"'As'e to pay for that breech-loader gun?" said Raffles, laughing softly as at some good joke. "Why, of course you have."

"My opinion is, Raffles, that that gun was rotten. It wasn't worth a sovereign. I don't believe it was ever fit to shoot with, now."

"Of course, now," said Raffles, with a sneer. "Now, when you've got to pay for it."

"I don't know so much about 'have got to pay for it' at all. That grin of yours doesn't improve your looks, Raffles," said Jack, who was rather nettled by Raffles' sneer.

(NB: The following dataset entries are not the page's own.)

(* Let $\rho$ be a density operator on a $d$-dimensional complex Hilbert space $\mathbb{H}$, and let $\{\ket{a_l}\}_{l=1}^d$ and $\{\ket{f_p}\}_{p=1}^d$ be two orthonormal bases of $\mathbb{H}$. Define the KD distribution $Q_{lp} = \langle f_p|a_l\rangle\langle a_l|\rho|f_p\rangle$ and the KD moments $q_n = \sum_{l,p} (Q_{lp})^n$ for positive integers $n$. Suppose the KD distribution is positive, i.e. $Q_{lp}$ is real and nonnegative for all $l,p$. Then for every positive integer $m$, the $(m+1)\times(m+1)$ Hankel matrix $H_m(\mathbf{q})$ with entries $[H_m(\mathbf{q})]_{ij} = q_{i+j+1}$ for $i,j\in\{0,1,\dots,m\}$ (built from $\mathbf{q} = (q_1,\dots,q_{2m+1})$) satisfies $\det[H_m(\mathbf{q})] \ge 0$.
   Context: ''Positive'' means all entries of the KD distribution are real and nonnegative. *)

From HB Require Import structures.
From mathcomp Require Import all_boot all_order all_algebra.
Set Implicit Arguments. Unset Strict Implicit. Unset Printing Implicit Defensive.
Import Order.TTheory GRing.Theory Num.Theory.
Local Open Scope ring_scope.

(* The Hilbert space C^d: column vectors 'cV[C]_d over a numClosedFieldType C
   (e.g. the complex numbers), with the standard inner product. *)

Definition adj {C : numClosedFieldType} {m n} (M : 'M[C]_(m, n)) : 'M[C]_(n, m) :=
  map_mx Num.conj (M^T).

Definition braket {C : numClosedFieldType} {d} (u v : 'cV[C]_d) : C :=
  (adj u *m v) ord0 ord0.

Definition sandwich {C : numClosedFieldType} {d} (u : 'cV[C]_d) (M : 'M[C]_d)
  (v : 'cV[C]_d) : C := (adj u *m M *m v) ord0 ord0.

Definition orthonormal_basis {C : numClosedFieldType} {d} (a : 'I_d -> 'cV[C]_d) :=
  forall i j : 'I_d, braket (a i) (a j) = (i == j)%:R.

Definition density_operator {C : numClosedFieldType} {d} (rho : 'M[C]_d) :=
  [/\ adj rho = rho,
      (forall v : 'cV[C]_d, 0 <= sandwich v rho v) &
      \tr rho = 1].

Definition KD {C : numClosedFieldType} {d} (rho : 'M[C]_d)
  (a f : 'I_d -> 'cV[C]_d) (l p : 'I_d) : C :=
  braket (f p) (a l) * sandwich (a l) rho (f p).

Definition KD_moment {C : numClosedFieldType} {d} (rho : 'M[C]_d)
  (a f : 'I_d -> 'cV[C]_d) (n : nat) : C :=
  \sum_(l < d) \sum_(p < d) (KD rho a f l p) ^+ n.

Definition KD_positive {C : numClosedFieldType} {d} (rho : 'M[C]_d)
  (a f : 'I_d -> 'cV[C]_d) :=
  forall l p : 'I_d, KD rho a f l p \is Num.real /\ 0 <= KD rho a f l p.

Definition hankel {C : numClosedFieldType} (q : nat -> C) (m : nat) : 'M[C]_m.+1 :=
  \matrix_(i < m.+1, j < m.+1) q (i + j + 1)%N.

From mathcomp Require Import all_boot all_order all_fingroup all_algebra.
Set Implicit Arguments. Unset Strict Implicit. Unset Printing Implicit Defensive.
Import Order.TTheory GRing.Theory Num.Theory.
Local Open Scope ring_scope.

(* The moments q_k = \sum_t x_t^k of finitely many numbers x_t >= 0 are those of the
   discrete measure with weight x_t at the node x_t.  For weights w_t >= 0 and real
   nodes x_t, the Hankel determinant of the moments \sum_t w_t x_t^(i+j) expands
   multilinearly into \sum_g (\prod_i w_(g i) x_(g i)^i) det V_g over all maps
   g : 'I_n -> T, where V_g is the Vandermonde matrix of the nodes x_(g i).
   Averaging over the permutations s of 'I_n, which act on g by precomposition
   and multiply det V_g by the sign of s, turns this into
   n! det H = \sum_g (\prod_i w_(g i)) (det V_g)^2 >= 0. *)

Section MomentHankel.
Variables (R : numDomainType) (T : finType) (w x : T -> R) (n : nat).
Hypotheses (w_ge0 : forall t, 0 <= w t) (x_real : forall t, x t \is Num.real).

Definition moment_hankel : 'M[R]_n := \matrix_(i, j) \sum_t w t * x t ^+ (i + j).

Definition node_vandermonde (g : {ffun 'I_n -> T}) : 'M[R]_n :=
  Vandermonde n (\row_j x (g j)).

Definition moment_weight (g : {ffun 'I_n -> T}) : R := \prod_i (w (g i) * x (g i) ^+ i).

Definition ffun_perm (s : 'S_n) (g : {ffun 'I_n -> T}) : {ffun 'I_n -> T} :=
  [ffun i => g (s i)].

Lemma ffun_perm_inj s : injective (ffun_perm s).
Proof.
move=> g h /ffunP eq_gh; apply/ffunP => i.
by have := eq_gh (s^-1 i)%g; rewrite !ffunE permKV.
Qed.

Lemma det_moment_hankel :
  \det moment_hankel = \sum_g moment_weight g * \det (node_vandermonde g).
Proof.
rewrite [LHS]/determinant.
under eq_bigr => s _.
  under eq_bigr => i _ do rewrite !mxE.
  rewrite bigA_distr_bigA big_distrr /=.
over.
rewrite exchange_big /=; apply: eq_bigr => g _.
rewrite -det_tr big_distrr /=; apply: eq_bigr => s _.
rewrite mulrCA -big_split /=; congr (_ * _); apply: eq_bigr => i _.
by rewrite !mxE exprD mulrA.
Qed.

Lemma det_node_vandermonde_perm s g :
  \det (node_vandermonde (ffun_perm s g)) = (-1) ^+ s * \det (node_vandermonde g).
Proof.
have -> : node_vandermonde (ffun_perm s g) = col_perm s (node_vandermonde g).
  by apply/matrixP => i j; rewrite !mxE ffunE.
by rewrite col_permE det_mulmx det_perm odd_permV mulrC.
Qed.

Lemma det_node_vandermonde_real g : \det (node_vandermonde g) \is Num.real.
Proof.
rewrite det_Vandermonde; apply: rpred_prod => i _; apply: rpred_prod => j _.
by rewrite !mxE rpredB.
Qed.

Lemma alternating_moment_weight g :
  \sum_(s : 'S_n) (-1) ^+ s * moment_weight (ffun_perm s g)
    = \prod_i w (g i) * \det (node_vandermonde g).
Proof.
rewrite /determinant big_distrr /=; apply: eq_bigr => s _.
rewrite /moment_weight big_split /= mulrCA; congr (_ * (_ * _)).
  by rewrite [RHS](reindex_inj (@perm_inj _ s)); apply: eq_bigr => i _; rewrite ffunE.
by apply: eq_bigr => i _; rewrite !mxE ffunE.
Qed.

Lemma det_moment_hankel_ge0 : 0 <= \det moment_hankel.
Proof.
have nfact_gt0 : (0 : R) < n`!%:R by rewrite ltr0n fact_gt0.
rewrite -(pmulr_rge0 _ nfact_gt0).
have -> : n`!%:R * \det moment_hankel = \sum_(s : 'S_n) \det moment_hankel.
  by rewrite sumr_const card_Sn mulr_natl.
under eq_bigr => s _.
  rewrite det_moment_hankel (reindex_inj (@ffun_perm_inj s)) /=.
  under eq_bigr => g _ do rewrite det_node_vandermonde_perm mulrCA mulrA.
over.
rewrite exchange_big /=; apply: sumr_ge0 => g _.
rewrite -big_distrl /= alternating_moment_weight -mulrA -expr2.
apply: mulr_ge0; first exact: prodr_ge0.
exact: real_exprn_even_ge0 (det_node_vandermonde_real g) _.
Qed.
End MomentHankel.

Lemma det_hankel_power_sum_ge0 (C : numClosedFieldType) (T : finType) (x : T -> C)
    (m : nat) :
  (forall t, 0 <= x t) -> 0 <= \det (hankel (fun k => \sum_t x t ^+ k) m).
Proof.
move=> x_ge0.
have -> : hankel (fun k => \sum_t x t ^+ k) m = moment_hankel x x m.+1.
  by apply/matrixP => i j; rewrite !mxE; apply: eq_bigr => t _; rewrite addn1 exprS.
by apply: det_moment_hankel_ge0 => // t; apply: ger0_real.
Qed.

Theorem theorem2 (C : numClosedFieldType) (d : nat) (rho : 'M[C]_d)
    (a f : 'I_d -> 'cV[C]_d) :
  density_operator rho ->
  orthonormal_basis a -> orthonormal_basis f ->
  KD_positive rho a f ->
  forall m : nat, (0 < m)%N ->
  0 <= \det (hankel (KD_moment rho a f) m).
Proof.
move=> _ _ _ KD_ge0 m _.
have -> : hankel (KD_moment rho a f) m
        = hankel (fun k => \sum_(lp : 'I_d * 'I_d) KD rho a f lp.1 lp.2 ^+ k) m.
  by apply/matrixP => i j; rewrite !mxE /KD_moment pair_bigA.
by apply: det_hankel_power_sum_ge0 => -[l p]; case: (KD_ge0 l p).
Qed.
Lemma lq_val_opp m x z c : lq_val m x z (lq_opp c) = - lq_val m x z c.
Proof.
rewrite /lq_val /lq_opp /lq_x /lq_z /= dotpNl opprD; congr (_ + _).
by rewrite -sumrN; apply: eq_bigr => i _; rewrite mulNr.
Qed.

Definition lq_eq2 c : seq (lineq R n) := [:: c; lq_opp c].

Lemma lq_eq2P m x z c : ~~ lq_strict c ->
  (forall d, d \in lq_eq2 c -> lq_sat m x z d) <-> lq_val m x z c = lq_b c.
Proof.
move=> /negbTE ns.
have sat_le d : lq_strict d = false -> lq_sat m x z d <-> lq_val m x z d <= lq_b d.
  by rewrite /lq_sat /ineq => ->.
split=> [H|E d].
  apply/eqP; rewrite eq_le; apply/andP; split; first exact/(sat_le c ns)/H/mem_head.
  have /(sat_le (lq_opp c) ns) := H (lq_opp c) (mem_last c [:: lq_opp c]).
  by rewrite lq_val_opp lerN2.
by rewrite !inE => /orP[]/eqP ->; apply/sat_le => //; rewrite ?lq_val_opp E.
Qed.

Lemma lq_eqsP m x z (E : seq (lineq R n)) : all (fun c => ~~ lq_strict c) E ->
  (forall d, d \in flatten [seq lq_eq2 c | c <- E] -> lq_sat m x z d) <->
  (forall c, c \in E -> lq_val m x z c = lq_b c).
Proof.
move=> /allP ns; split=> H c.
  by move=> cE; apply/(lq_eq2P _ _ _ (ns c cE)) => d dc; apply: H; apply/flatten_mapP; exists c.
case/flatten_mapP => c' c'E; move: c; apply/(lq_eq2P _ _ _ (ns c' c'E)).
exact: H.
Qed.

(* the linear system in [x] and the coefficients [z] whose solutions describe [gen_list L] *)
Definition z_nonneg i : lineq R n := (0, fun j => if j == i then -1 else 0, 0, false).
Definition point_pos L : lineq R n := (0, fun j => - point_ind R (gknd L j), 0, true).
Definition mass_one L : lineq R n := (0, fun j => bounded_ind R (gknd L j), 1, false).
Definition coord_eq L k : lineq R n := (delta_mx 0 k, fun j => - gvec L j 0 k, 0, false).

Definition gen_list_eqs L := mass_one L :: [seq coord_eq L k | k <- enum 'I_n].

Definition gen_list_sys L : seq (lineq R n) :=
  point_pos L :: [seq z_nonneg i | i <- iota 0 (size L)] ++
  flatten [seq lq_eq2 c | c <- gen_list_eqs L].

Lemma lq_val_z_nonneg L x z i : (i < size L)%N ->
  lq_val (size L) x z (z_nonneg i) = - z i.
Proof.
move=> iL; rewrite /lq_val /lq_x /lq_z /= dotp0l add0r -(sum_nat_delta (fun j => - z j) iL).
by apply: eq_bigr => j _; case: eqP; rewrite ?mulN1r ?mul0r.
Qed.

Lemma lq_val_point_pos L x z : lq_val (size L) x z (point_pos L) =
  - \sum_(0 <= i < size L) point_ind R (gknd L i) * z i.
Proof.
rewrite /lq_val /lq_x /lq_z /= dotp0l add0r -sumrN.
by apply: eq_bigr => i _; rewrite mulNr.
Qed.

Lemma lq_val_mass_one L x z : lq_val (size L) x z (mass_one L) =
  \sum_(0 <= i < size L) bounded_ind R (gknd L i) * z i.
Proof. by rewrite /lq_val /lq_x /lq_z /= dotp0l add0r. Qed.

Lemma lq_val_coord_eq L x z k : lq_val (size L) x z (coord_eq L k) =
  x 0 k - (\sum_(0 <= i < size L) z i *: gvec L i) 0 k.
Proof.
rewrite /lq_val /lq_x /lq_z /= dotp_delta_mx summxE -sumrN.
by congr (_ + _); apply: eq_bigr => i _; rewrite mxE mulNr mulrC.
Qed.

Lemma gen_list_eqsP L x z :
  (forall c, c \in gen_list_eqs L -> lq_val (size L) x z c = lq_b c) <->
  \sum_(0 <= i < size L) bounded_ind R (gknd L i) * z i = 1 /\
  x = \sum_(0 <= i < size L) z i *: gvec L i.
Proof.
split=> [H|[mass ->] c].
  split; first by rewrite -(lq_val_mass_one L x); apply: (H _ (mem_head _ _)).
  apply/matrixP => i k; rewrite (ord1 i); apply/eqP; rewrite -subr_eq0.
  by rewrite -lq_val_coord_eq H // inE map_f ?mem_enum ?orbT.
rewrite inE => /orP[/eqP ->|/mapP [k _ ->]]; first by rewrite lq_val_mass_one.
by rewrite lq_val_coord_eq subrr.
Qed.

"Well, my bantam cock," said Raffles, savagely, "I only 'opes as this 'ere bill won't spoil yours. And let me tell you, young shaver, I want the money."

Jack calmly took the piece of note-paper which Raffles hurriedly fished out of his pocket, and flourished dramatically before Bourne. There was a touching simplicity about Raffles' bill-making that would in ordinary times have made Jack split with laughter, but, naturally, at the present time he did not feel in a very jovial frame of mind. Hence he read through the farrago with only one very strong desire—to kick Raffles neck and crop out of the stable. This was the bill:—

Mr. burn owes me daniel raffles this money.
To bunneys at sixpence each2 0
To 50 cartrigges6 6
To pidgins1 6
1 gunn breech loder£7 0 0
totel£7 10 0

"Now, Raffles," said Jack, in a white heat, "what do you mean by this rotten foolery?"

"There's no foolery about it," said Raffles, sulkily. "That's my bill."

"Why, you unspeakable rascal, did you fancy I'd pay it?"